Are you using the latest icefall to export the model and also are you using the latest sherpa-onnx for testing?
Yes. I updated both icefall and sherpa-onnx. Still facing the same issue.
Any update on this ?
Are you able to share the test wave file?
I observed this scenario in a model which I trained with custom data.
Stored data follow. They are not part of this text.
Lemma adjacency_propagation (G : set 'M[R]_2) (F : set (R * R))
    (P : 'M[R]_2 -> Prop) :
  is_PSL2_subgroup G -> fundamental_domain G F -> locally_finite G F ->
  P 1%:M ->
  (forall h g, G h -> G g -> P h -> translate h F `&` translate g F !=set0 -> P g) ->
  forall g, G g -> P g.
Proof.
move=> [Gdet G1 _ _ _] [FH cF cover _] LF P1 step.
have [w0 Fw0] : exists w, F w.
  by have [_ [w [_ [Fw _]]]] := cover (0, 1) ltr01; exists w.
pose good := [set h | G h /\ P h]; pose bad := [set h | G h /\ ~ P h].
have good_H2 : tiles good F `<=` @H2 R.
  by move=> x [h [Gh _] [w Fw <-]]; apply: mobius_H2 (Gdet _ Gh) (FH _ Fw).
have good_bad : forall x, tiles good F x -> ~ tiles bad F x.
  by move=> x [h [Gh Ph] Tx] [g [Gg nPg] Tx']; apply/nPg/(step h); rewrite //; exists x.
have goodE : tiles good F = @H2 R.
  apply: H2_connected.
  - by exists w0, 1%:M => //; exists w0 => //; rewrite mobius_one.
  - exists (~` closure (tiles bad F)); first exact/closed_openC/closed_closure.
    apply/seteqP; split.
      move=> x gx; split; first exact: good_H2.
      move=> cx; apply: (good_bad x gx).
      apply: (tiles_closed Gdet FH cF LF); [by move=> h [] | split=> //; exact: good_H2].
    move=> x [Hx ncx]; have [g [w [Gg [Fw x_gw]]]] := cover x Hx; rewrite x_gw in ncx *.
    have [Pg|nPg] := pselect (P g); first by exists g; [split | exists w].
    by exfalso; apply: ncx; apply: subset_closure; exists g; [split | exists w].
  - exists (closure (tiles good F)); first exact: closed_closure.
    apply/seteqP; split; first by move=> x gx; split; [apply: good_H2|apply: subset_closure].
    move=> x [Hx cx].
    by apply: (tiles_closed Gdet FH cF LF); [by move=> h []|split].
move=> g Gg.
have : tiles good F (mobius g w0) by rewrite goodE; apply: mobius_H2 (Gdet _ Gg) (FH _ Fw0).
move=> [h [Gh Ph] Th].
by apply: (step h g Gh Gg Ph); exists (mobius g w0); split=> //; exists w0.
Qed.

Lemma geodesic_cover_adjacent (G G0 : set 'M[R]_2) (F : set (R * R)) h g :
  is_PSL2_subgroup G -> (forall g, G g -> ~ elliptic g) -> F `<=` @H2 R ->
  geodesic_cover G G0 F -> G h -> G g ->
  translate h F `&` translate g F !=set0 ->
  exists2 g0, G0 g0 & g = h *m g0 \/ g = - (h *m g0).
Proof.
move=> PG noell FH [G0G _ nearest] Gh Gg [_ [[w1 Fw1 <-] [w2 Fw2 e]]].
have [Gdet _ GM GI _] := PG.
have [hw1 hw2] := conj (FH _ Fw1) (FH _ Fw2).
pose k := invmx h *m g.
have Gk : G k by apply: GM => //; apply: GI.
have [dh dg dk] := And3 (Gdet _ Gh) (Gdet _ Gg) (Gdet _ Gk).
have k_w2 : mobius k w2 = w1 by rewrite mobius_mul ?det1_inv // e mobius_invK.
have [g0 G0g0 g0_nearest] := nearest _ _ Fw1 Fw2.
have dg0 := Gdet _ (G0G _ G0g0).
have g0_w2 : w1 = mobius g0 w2.
  apply: dH_le0 => //; first exact: mobius_H2.
  by have := g0_nearest _ Gk; rewrite k_w2 dH_refl.
pose m := invmx k *m g0.
have m_w2 : mobius m w2 = w2 by rewrite mobius_mul ?det1_inv // -g0_w2 -k_w2 mobius_invK.
have Gm : G m by apply: GM; [apply: GI | apply: G0G].
have eg0 : g0 = k *m m by rewrite /m mulKVmx ?det1_unit.
have eg : g = h *m k by rewrite /k mulKVmx ?det1_unit.
exists g0 => //; rewrite eg eg0.
case: (stabilizer_trivial PG noell Gm hw2 m_w2) => ->.
  by left; rewrite mulmx1.
by right; rewrite mulmxN mulmx1 mulmxN opprK.
Qed.

Lemma generated_mulmx (L : seq 'M[R]_2) a b :
  generated L a -> generated L b -> generated L (a *m b).
Proof.
move=> ga gb; elim: ga => [|g _ IH|h g hL _ IH|h g hL _ IH].
- by rewrite mul1mx.
- by rewrite mulNmx; apply: gen_opp.
- by rewrite -mulmxA; apply: gen_mul.
- by rewrite -mulmxA; apply: gen_mulV.
Qed.

Lemma generated_mem (L : seq 'M[R]_2) h : h \in L -> generated L h.
Proof. by move=> hL; rewrite -(mulmx1 h); apply: gen_mul => //; apply: gen_one. Qed.

End FiniteGeodesicCover.

Theorem corollary2p6 (R : realType) (G : set 'M[R]_2) :
  Fuchsian G -> ~ finitely_generated G ->
  (forall g, G g -> ~ elliptic g) ->
  forall F : set (R * R), fundamental_domain G F -> locally_finite G F ->
  ~ (exists G0 : set 'M[R]_2, finite_set G0 /\ geodesic_cover G G0 F).
Proof.
move=> [PG _] not_fg noell F FD LF [G0 [finG0 cover]].
have [L eL] := (finite_seqP G0).1 finG0.
have [G0G _ _] := cover.
apply: not_fg; exists L; split=> [h hL|]; first by apply: G0G; rewrite eL.
apply: (adjacency_propagation PG FD LF (gen_one L)) => h g Gh Gg gen_h meet.
have [FH _ _ _] := FD.
have [g0 G0g0 g_eq] := geodesic_cover_adjacent PG noell FH cover Gh Gg meet.
have gen_g0 : generated L g0 by apply: generated_mem; move: G0g0; rewrite eL.
by case: g_eq => ->; [|apply: gen_opp]; apply: generated_mulmx.
Qed.
Definition block_linear (e : 'X_{1..n}) (j : 'I_m) : {poly R} :=
  (block_factor e j false)%:P + (block_factor e j true - block_factor e j false) *: 'X.

Definition monomial_average (e : 'X_{1..n}) : {poly R} :=
  free_factor e *: \prod_j block_linear e j.

Lemma monomial_block_point (e : 'X_{1..n}) z :
  \prod_i block_point z i ^+ e i = free_factor e * \prod_j block_factor e j (z j).
Proof.
rewrite (big_split_blocks _ block); congr (_ * _).
  by apply: eq_bigr => i /eqP block_i; rewrite /block_point block_i.
apply: eq_bigr => j _; apply: eq_bigr => i /eqP block_i.
by rewrite /block_point block_i; case: (z j).
Qed.

Lemma horner_monomial_average (e : 'X_{1..n}) r :
  (monomial_average e).[r] = \sum_z bernoulli_weight r z * \prod_i block_point z i ^+ e i.
Proof.
rewrite hornerZ horner_prod.
under [RHS]eq_bigr do rewrite monomial_block_point mulrCA.
rewrite -mulr_sumr; congr (_ * _).
under [RHS]eq_bigr do rewrite /bernoulli_weight -big_split /=.
rewrite -(bigA_distr_bigA (fun j b => (if b then r else 1 - r) * block_factor e j b)).
apply: eq_bigr => j _; rewrite big_bool /= /block_linear hornerD hornerC hornerZ hornerX.
ring.
Qed.

Lemma size_block_linear (e : 'X_{1..n}) j :
  (size (block_linear e j) <= 1 + \sum_(i | block i == Some j) e i)%nat.
Proof.
have [sum0|sum_gt0] := posnP (\sum_(i | block i == Some j) e i).
  have factor1 b : block_factor e j b = 1.
    apply: big1 => i block_i; move/eqP: sum0; rewrite sum_nat_eq0 => /forallP/(_ i).
    by rewrite block_i => /eqP ->; rewrite expr0.
  rewrite /block_linear !factor1 subrr scale0r addr0.
  exact: leq_trans (size_polyC_leq1 _) (leq_addr _ _).
apply: leq_trans (size_polyD _ _) _.
rewrite geq_max (leq_trans (size_polyC_leq1 _) (leq_addr _ _)) add1n.
by apply: leq_trans (size_scale_leq _ _) _; rewrite size_polyX ltnS.
Qed.

Lemma size_monomial_average (e : 'X_{1..n}) : (size (monomial_average e) <= (mdeg e).+1)%nat.
Proof.
have sum_le : (\sum_j size (block_linear e j) <= m + mdeg e)%nat.
  apply: (@leq_trans (\sum_j (1 + \sum_(i | block i == Some j) e i))%nat).
    by apply: leq_sum => j _; exact: size_block_linear.
  rewrite big_split /= sum1_card card_ord leq_add2l.
  by rewrite mdegE (big_split_blocks _ block) leq_addl.
apply: leq_trans (size_scale_leq _ _) _; apply: leq_trans (size_poly_prod_leq _ _) _.
have -> : #|(xpredT : pred 'I_m)| = m by rewrite -[RHS](card_ord m); apply: eq_card.
move: sum_le; generalize (\sum_j size (block_linear e j))%nat => S; lia.
Qed.
(* Let $n,m$ be fixed, $V^*\subset V_1\cap V_2$ fixed, $W$ an obfuscating set and $\mathfrak{o}\in\mathfrak{O}_W$. Let $F=F^{(n,m)}_{c,\theta}$ be a nominatable distribution supported on $\mathcal{G}^a_{n,m}=\{(g_1,g_2)\in\mathcal{G}_n\times\mathcal{G}_m:\mathcal{I}(v;g_2)=\{v\}\text{ for all }v\in V^*\}$. For $(g_1,g_2)\in\mathcal{G}^a_{n,m}$ let $(g_1,[\mathfrak{o}(g_2)])=\{(g_1,\tilde g_2)\in\mathcal{G}^a_{n,m}:\tilde g_2\simeq g_2\}$, and for $w\in W$, $u\in V_2$ let $(g_1,[\mathfrak{o}(g_2)])_{w=\mathfrak{o}(u)}=\{(g_1,\tilde g_2)\in\mathcal{G}^a_{n,m}:\tilde g_2=\sigma(g_2)$ for some isomorphism $\sigma$ with $\sigma(\mathfrak{o}^{-1}(w))=u\}$, and $(g_1,[\mathfrak{o}(g_2)])_{w\in\mathfrak{o}(S)}=\bigcup_{u\in S}(g_1,[\mathfrak{o}(g_2)])_{w=\mathfrak{o}(u)}$ for $S\subset V_2$. Choose representatives $(g_1^{(i)},g_2^{(i)})$, $i\in[h]$, so that the sets $(g_1^{(i)},[\mathfrak{o}(g_2^{(i)})])$ partition $\mathcal{G}^a_{n,m}$, and for $u\in W$ put $P^i_u=\mathbb{P}_F\big((g_1^{(i)},[\mathfrak{o}(g_2^{(i)})])_{u\in\mathfrak{o}(V^* )}\mid(g_1^{(i)},[\mathfrak{o}(g_2^{(i)})])\big)$. Define $\Phi^*(g_1^{(i)},\mathfrak{o}(g_2^{(i)}),V^* )$ to be the ordering of $W$ in which, for each $j=1,\dots,m$, the $j$-th element is a maximizer of $P^i_u$ over $u\in W$ not among the first $j-1$ elements (ties broken in a fixed arbitrary manner); and for any other $(g_1,g_2)$ in the class $(g_1^{(i)},[\mathfrak{o}(g_2^{(i)})])$, choose an isomorphism $\sigma$ with $\mathfrak{o}(g_2)=\sigma(\mathfrak{o}(g_2^{(i)}))$ and set $\Phi^*(g_1,\mathfrak{o}(g_2),V^* )=\sigma(\Phi^*(g_1^{(i)},\mathfrak{o}(g_2^{(i)}),V^* ))$. Then for every $k\in[m-1]$ and every VN scheme $\Phi\in\mathcal{V}_{nm}$, $L^{(1)}_k(\Phi^*,V^* )\le L^{(1)}_k(\Phi,V^* )$ and $L^{(2)}_k(\Phi^*,V^* )\le L^{(2)}_k(\Phi,V^* )$; i.e. $\Phi^*$ is level-$k$ Bayes optimal for both losses simultaneously for all $k$.
   Context: $\mathcal{G}_n$ is the set of labeled graphs on $n$ vertices and $\simeq$ denotes graph isomorphism. A nominatable distribution $F^{(n,m)}_{c,\theta}$ is a distribution on $\mathcal{G}_n\times\mathcal{G}_m$ with vertex sets $V_1=\{v_1,\dots,v_n\}$, $V_2=\{u_1,\dots,u_m\}$, $v_i=u_i$ for $i\le c$ (the core), disjoint junk sets $V_1\setminus C$, $V_2\setminus C$, whose induced subgraphs are conditionally independent given $\theta$. An obfuscating set $W$ is disjoint from $V_1,V_2$; $\mathfrak{O}_W$ is the set of bijections $\mathfrak{o}:V_2\to W$, and $\mathfrak{o}(g_2)$ is $g_2$ with vertices relabeled by $\mathfrak{o}$. For $u\in V(g)$, $\mathcal{I}(u;g)$ is the orbit of $u$ under automorphisms of $g$. A VN scheme $\Phi\in\mathcal{V}_{nm}$ assigns to $(g_1,\mathfrak{o}(g_2),V^* )$ a total ordering of $W$ such that the set of positions of $\mathfrak{o}(\mathcal{I}(u;g_2))$ does not depend on $\mathfrak{o}\in\mathfrak{O}_W$ (for all $g_1,g_2,V^*,u$). With $(G_1,G_2)\sim F$ and $\mathrm{rank}$ denoting position in the ordering, $L^{(1)}_k(\Phi,V^* )=\frac1{|V^*|}\sum_{v\in V^*}\mathbb{P}(\mathrm{rank}_{\Phi(G_1,\mathfrak{o}(G_2),V^* )}(\mathfrak{o}(v))\ge k+1)$ (recall error) and $L^{(2)}_k(\Phi,V^* )=1-\frac1k\sum_{v\in V^*}\mathbb{P}(\mathrm{rank}_{\Phi(G_1,\mathfrak{o}(G_2),V^* )}(\mathfrak{o}(v))\le k)$ (precision error). *)

From HB Require Import structures.
From mathcomp Require Import all_boot all_order all_algebra all_fingroup.
Set Implicit Arguments. Unset Strict Implicit. Unset Printing Implicit Defensive.
Import Order.TTheory GRing.Theory Num.Theory.
Local Open Scope ring_scope.

Definition graphT (T : finType) := {ffun T * T -> bool}.

Definition is_graph (T : finType) (g : graphT T) : bool :=
  [forall x, ~~ g (x, x)] && [forall x, forall y, g (x, y) == g (y, x)].

(* sigma(g): relabel g by the permutation sigma ((x,y) edge of g iff (sigma x, sigma y) edge) *)
Definition permg (T : finType) (s : {perm T}) (g : graphT T) : graphT T :=
  [ffun p => g ((s^-1)%g p.1, (s^-1)%g p.2)].

Definition isomg (T : finType) (g h : graphT T) : bool :=
  [exists s : {perm T}, h == permg s g].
The same audio might not behave the same way in another model (which is trained with different set of data).
Is there any pre trained model (.pth) available ? I will share a test wave file testing on that model.
Is there any pre trained model (.pth) available ? I will share a test wave file testing on that model.
Yes, please find the models in the RESULTS.md of each recipe in icefall, e.g., librispeech. For each experiment, there is a link to the huggingface repo containing pre-trained models.
I am attaching two audio files here.
1.wav: pth output(from icefall): GOD'S THE OLD SCHOOL STROKE OUT onnx output(from icefall): GUIDABLE SCHOOL STROKE OUT onnx output (from sherpa-onnx): GO AS TO WALK SCHOOL STROKE OUT (None of the outputs are matching)
2.wav pth output(from icefall): SYSTEM MENU OR PIANGARA AT YOU WITH THEIR KEY onnx output(from icefall): SYSTEM MENU OR PIANGARA AT YOU WITH THEIR KEY onnx output (from sherpa-onnx): SISTER MENU OR PEN GIRL AT YOU WHERE THEIR KEY (pth and onnx output is matching in icefall but sherpa onnx output is different)
I used the model streaming zipformer (zipformer + pruned stateless transducer) [https://huggingface.co/Zengwei/icefall-asr-librispeech-streaming-zipformer-2023-05-17/tree/main/exp] from huggingface for testing these audios.
Command to convert the model to onnx is
python3 ./zipformer/export-onnx-streaming.py
--exp-dir ./zipformer/exp
--tokens data/lang_bpe_500/tokens.txt
--causal 1
--chunk-size 16
--left-context-frames 128
--epoch 30
--avg 1
--use-averaged-model False
Any update on this issue?
Zero key/value cache from encoder initialization states may be causing this discrepancy between training and decoding?